Develop real interest in the person
Being a good listener’s one of the most desirable qualities in a man, it’s not a secret. But developing a real interest in people you interact with is like a good listener on coke.
Ways of actually making new friends
Once you’ve taken care of the opportunities that are already presented to you, now it’s time to start mingling. Making new friends and meeting new people can sometimes feel more daunting than it actually is. But the truth is, it doesn’t have to be that way. As soon as you start putting yourself in the right kind of situations, meeting new people can become as simple as it should be.
Pursue your passion and connect with likeminded people
One of the most assured ways to meet like-minded people is to follow your passion and connect with people who enjoy the same things as you. Honestly, it’s one of the best ways to ‘kill two birds with one stone’.
Is there anything more rewarding than hanging out and spending time with people you share hobbies and interests with? Well, in terms of bonding with like-minded people there sure isn’t.
Attend different workshops, classes or courses
There are so many ways to meet amazing people from all walks of life by attending different workshops or courses. Going to the gym, taking up martial arts, yoga, photography course, different sports activities, when it comes to making new friends and meeting new people through such activities, the options are basically unlimited.
It might be as easy as walking a dog
Did you know that over 50% of dog owners believe their dog has helped boost their confidence and made it easier to talk to strangers?
Apparently, when a dog breaks the ice it’s very easy to keep the conversation going.
The benefits of having a best friend who’s always happy to see you are obviously far greater, but making some new friends while doing your chores is a fine and dandy bonus.
Manking new friends through volunteering
Doing something for a good cause is beautiful, and taking into account that terrible people are rarely to be seen volunteering you might make some amazing friends while making a difference.

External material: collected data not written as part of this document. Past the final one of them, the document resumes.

(* Since [x n] stays in [E], [u n = P_E (x n) = x n] and the scheme is an Ishikawa
   iteration. A generalized hybrid map with a fixed point is quasi-nonexpansive, so
   the convex-combination identity makes [|p - x n|] nonincreasing for every
   [p] in [F(S)], with decrease at least [alpha beta_n (1 - beta_n) |x n - S x n|^2];
   the liminf hypothesis then gives [|x n - S x n| -> 0]. Fejér monotonicity makes
   [P_F(S) (x n)] Cauchy, with limit [v]. A weak cluster point [z] of the bounded
   sequence [x n] exists (Tychonoff in the product topology plus the Riesz
   representation); it lies in [E], is fixed by [S] (demiclosedness, from the
   generalized hybrid inequality at [(x n, z)]), and equals [v] by the variational
   inequality of [P_F(S)]. Hence every weak cluster point is [v]. *)

Section InnerProduct.
Context {R : realType} {V : completeNormedModType R} (ip : inner_product V).

Lemma inner_addr x y z : ip x (y + z) = ip x y + ip x z.
Proof. by rewrite inner_sym inner_addl !(inner_sym ip _ x). Qed.

Lemma inner_scaler a x y : ip x (a *: y) = a * ip x y.
Proof. by rewrite inner_sym inner_scalel inner_sym. Qed.

Lemma innerNl x y : ip (- x) y = - ip x y.
Proof. by rewrite -scaleN1r inner_scalel mulN1r. Qed.

Lemma innerNr x y : ip x (- y) = - ip x y.
Proof. by rewrite -scaleN1r inner_scaler mulN1r. Qed.

Lemma inner0l y : ip 0 y = 0.
Proof. by rewrite -(scale0r (0 : V)) inner_scalel mul0r. Qed.

Lemma inner0r y : ip y 0 = 0.
Proof. by rewrite inner_sym inner0l. Qed.

Lemma innerBl x y z : ip (x - y) z = ip x z - ip y z.
Proof. by rewrite inner_addl innerNl. Qed.

Lemma innerBr x y z : ip x (y - z) = ip x y - ip x z.
Proof. by rewrite inner_addr innerNr. Qed.

End InnerProduct.

Definition innerE :=
  (@inner_addl, @inner_addr, @innerBl, @innerBr, @inner_scalel, @inner_scaler,
   @innerNl, @innerNr).

Section InnerProductNorm.
Context {R : realType} {V : completeNormedModType R} (ip : inner_product V).

Lemma sqr_normD x y : `|x + y| ^+ 2 = `|x| ^+ 2 + 2 * ip x y + `|y| ^+ 2.
Proof. rewrite !(inner_norm ip) !innerE (inner_sym ip y x); ring. Qed.

Lemma sqr_normB x y : `|x - y| ^+ 2 = `|x| ^+ 2 - 2 * ip x y + `|y| ^+ 2.
Proof. rewrite !(inner_norm ip) !innerE (inner_sym ip y x); ring. Qed.

Lemma sqr_norm_convex_comb (t : R) (x y : V) : `|(1 - t) *: x + t *: y| ^+ 2 =
  (1 - t) * `|x| ^+ 2 + t * `|y| ^+ 2 - t * (1 - t) * `|x - y| ^+ 2.
Proof. rewrite !(inner_norm ip) !innerE (inner_sym ip y x); ring. Qed.

Lemma cauchy_schwarz x y : `|ip x y| <= `|x| * `|y|.
Proof.
rewrite -(ler_pXn2r (n := 2)) ?nnegrE ?mulr_ge0 // real_normK ?num_real //.
have [->|y0] := eqVneq y 0.
  by rewrite inner0r normr0 !expr2 !mul0r mulr0.
pose w := `|y| ^+ 2 *: x - ip x y *: y.
have : 0 <= ip w w by rewrite -(inner_norm ip) sqr_ge0.
rewrite /w !innerE -!(inner_norm ip) (inner_sym ip y x) => h.
have y2 : 0 < `|y| ^+ 2 by rewrite exprn_gt0 // normr_gt0.
have : 0 <= `|y| ^+ 2 * (`|x| ^+ 2 * `|y| ^+ 2 - ip x y ^+ 2) by lra.
by rewrite (pmulr_rge0 _ y2) subr_ge0 exprMn.
Qed.

Lemma sqr_norm_le0 (x : V) : `|x| ^+ 2 <= 0 -> x = 0.
Proof. by move=> h; apply/eqP; rewrite -normr_eq0 -sqrf_eq0 eq_le h sqr_ge0. Qed.

End InnerProductNorm.

Section Sequences.
Context {R : realType} {V : completeNormedModType R}.

Lemma cvgn_dist_ltP (u : nat -> V) (l : V) : u @ \oo --> l <->
  forall e : R, 0 < e -> exists N, forall n, (N <= n)%N -> `|l - u n| < e.
Proof.
split=> [/cvgrPdist_lt h e e0 | h]; first by have [N _ HN] := h e e0; exists N.
by apply/cvgrPdist_lt => e e0; have [N HN] := h e e0; exists N.
Qed.

Lemma cauchy_seq_cvg {u : nat -> V} :
  (forall e : R, 0 < e -> exists N, forall m n, (N <= m)%N -> (N <= n)%N ->
     `|u m - u n| < e) -> exists l : V, u @ \oo --> l.
Proof.
move=> hu; suff /cvg_ex[l ul] : cvgn u by exists l.
apply/cauchy_cvgP/cauchy_exP => e e0.
have [N HN] := hu e e0; exists (u N); exists N => // n Nn.
by rewrite -ball_normE /=; apply: HN.
Qed.

End Sequences.

Lemma natSinv_lt {R : realType} {e : R} : 0 < e ->
  exists N, forall n, (N <= n)%N -> n.+1%:R^-1 < e.
Proof. by move=> e0; have [N _ HN] := near_infty_natSinv_lt (PosNum e0); exists N. Qed.

Lemma convex_comb_subr {R : realType} {V : completeNormedModType R}
    (t : R) (x p q : V) :
  (1 - t) *: (x - p) + t *: (x - q) = x - ((1 - t) *: p + t *: q).
Proof. by rewrite !scalerBr opprD addrACA -scalerDl subrK scale1r. Qed.

Section NearestPoint.
Context {R : realType} {V : completeNormedModType R} (ip : inner_product V).

Lemma sqr_dist_convex_le {C : set V} {x c1 c2 : V} {d : R} :
  convex C -> C c1 -> C c2 -> 0 <= d -> (forall w, C w -> d <= `|x - w|) ->
  `|c1 - c2| ^+ 2 <= 2 * `|x - c1| ^+ 2 + 2 * `|x - c2| ^+ 2 - 4 * d ^+ 2.
Proof.
move=> Ccv Cc1 Cc2 d0 hd.
have Cm : C ((1 - 1/2) *: c1 + (1/2) *: c2).
  by apply: Ccv => //; apply/andP; split; lra.
have := hd _ Cm; rewrite -convex_comb_subr => dm.
have dm2 : d ^+ 2 <= `|(1 - 1/2) *: (x - c1) + (1/2) *: (x - c2)| ^+ 2.
  by rewrite ler_pXn2r ?nnegrE.
rewrite (sqr_norm_convex_comb ip) in dm2.
have e12 : (x - c1) - (x - c2) = c2 - c1 by rewrite opprB addrC addrA subrK.
rewrite e12 (distrC c2) in dm2; lra.
Qed.

Lemma minimizing_seq_cauchy {C : set V} {x : V} {d : R} {c : nat -> V} :
  convex C -> 0 <= d -> (forall w, C w -> d <= `|x - w|) ->
  (forall n, C (c n) /\ `|x - c n| < d + n.+1%:R^-1) ->
  forall e : R, 0 < e ->
    exists N, forall m n, (N <= m)%N -> (N <= n)%N -> `|c m - c n| < e.
Proof.
move=> Ccv d0 dle hc e e0.
pose del := e ^+ 2 / (8 * (d + 1)).
have del0 : 0 < del by apply: divr_gt0; [exact: exprn_gt0 | lra].
have hdel : del * (8 * (d + 1)) = e ^+ 2 by rewrite divfK //; lra.
have [N HN] := natSinv_lt del0.
exists N => m n Nm Nn.
have [[Cm hm] [Cn hn]] := (hc m, hc n).
have hQ := sqr_dist_convex_le Ccv Cm Cn d0 dle.
have := HN m Nm; have := HN n Nn.
have i0 : (0 : R) < m.+1%:R^-1 by rewrite invr_gt0 ltr0n.
have j0 : (0 : R) < n.+1%:R^-1 by rewrite invr_gt0 ltr0n.
have i1 : (m.+1%:R : R)^-1 <= 1 by rewrite invf_le1 ?ler1n ?ltr0n.
have j1 : (n.+1%:R : R)^-1 <= 1 by rewrite invf_le1 ?ler1n ?ltr0n.
move: hm hn hQ i0 j0 i1 j1.
set i := m.+1%:R^-1; set j := n.+1%:R^-1.
set A := `|x - c m|; set B := `|x - c n|; set Q := `|c m - c n|.
have [A0 B0 Q0] : [/\ 0 <= A, 0 <= B & 0 <= Q] by rewrite !normr_ge0.
move=> hA hB hQ i0 j0 i1 j1 jdel idel.
rewrite -(ltr_pXn2r (n := 2)) ?nnegrE ?(ltW e0) //.
have hA2 : A ^+ 2 <= (d + i) ^+ 2 by nra.
have hB2 : B ^+ 2 <= (d + j) ^+ 2 by nra.
have hQ2 : Q ^+ 2 <= (4 * d + 2) * (i + j) by nra.
nra.
Qed.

Go to parties, bars, clubs. Wherever just don’t stay home
If your social life is not the richest, and you wish to add some spice to it, then the last place you wanna hang out at is your own home. Go out. Take every chance you get to put yourself out there.
Try making some new online friends
Join some online communities
This might be one of the fastest and easiest ways to meet people who share your views and interests. There are millions of online communities, and the chance of finding a few nice people is pretty decent. Engage in different conversations, share your views with people, let people get a glimpse of who you are, and the right people will find you.
Try out some apps
I’m not a huge proponent of meeting people through apps because the whole concept seems to be catering to the shallowest of your instincts, but if nothing else it’s worth a shot. Except that, who knows maybe it’ll work for you. Give it a go. You’ve got nothing to lose.
Conclusion
It’s no secret that a lot of us struggle with meeting new people, but we make it even harder than it has to be. In fact, once we manage to shut down that little voice in our heads that makes everything worse, and actually approach people with an open heart and an open mind, we see that it’s not that hard.
People love it when they meet someone new who’s nice and friendly, and there’s absolutely no reason to keep it to yourself any longer. Go out, show people how nice you really are, allow your true self to be brought to the surface, and I’m sure people will love it. Trust me, you’ll love it even more.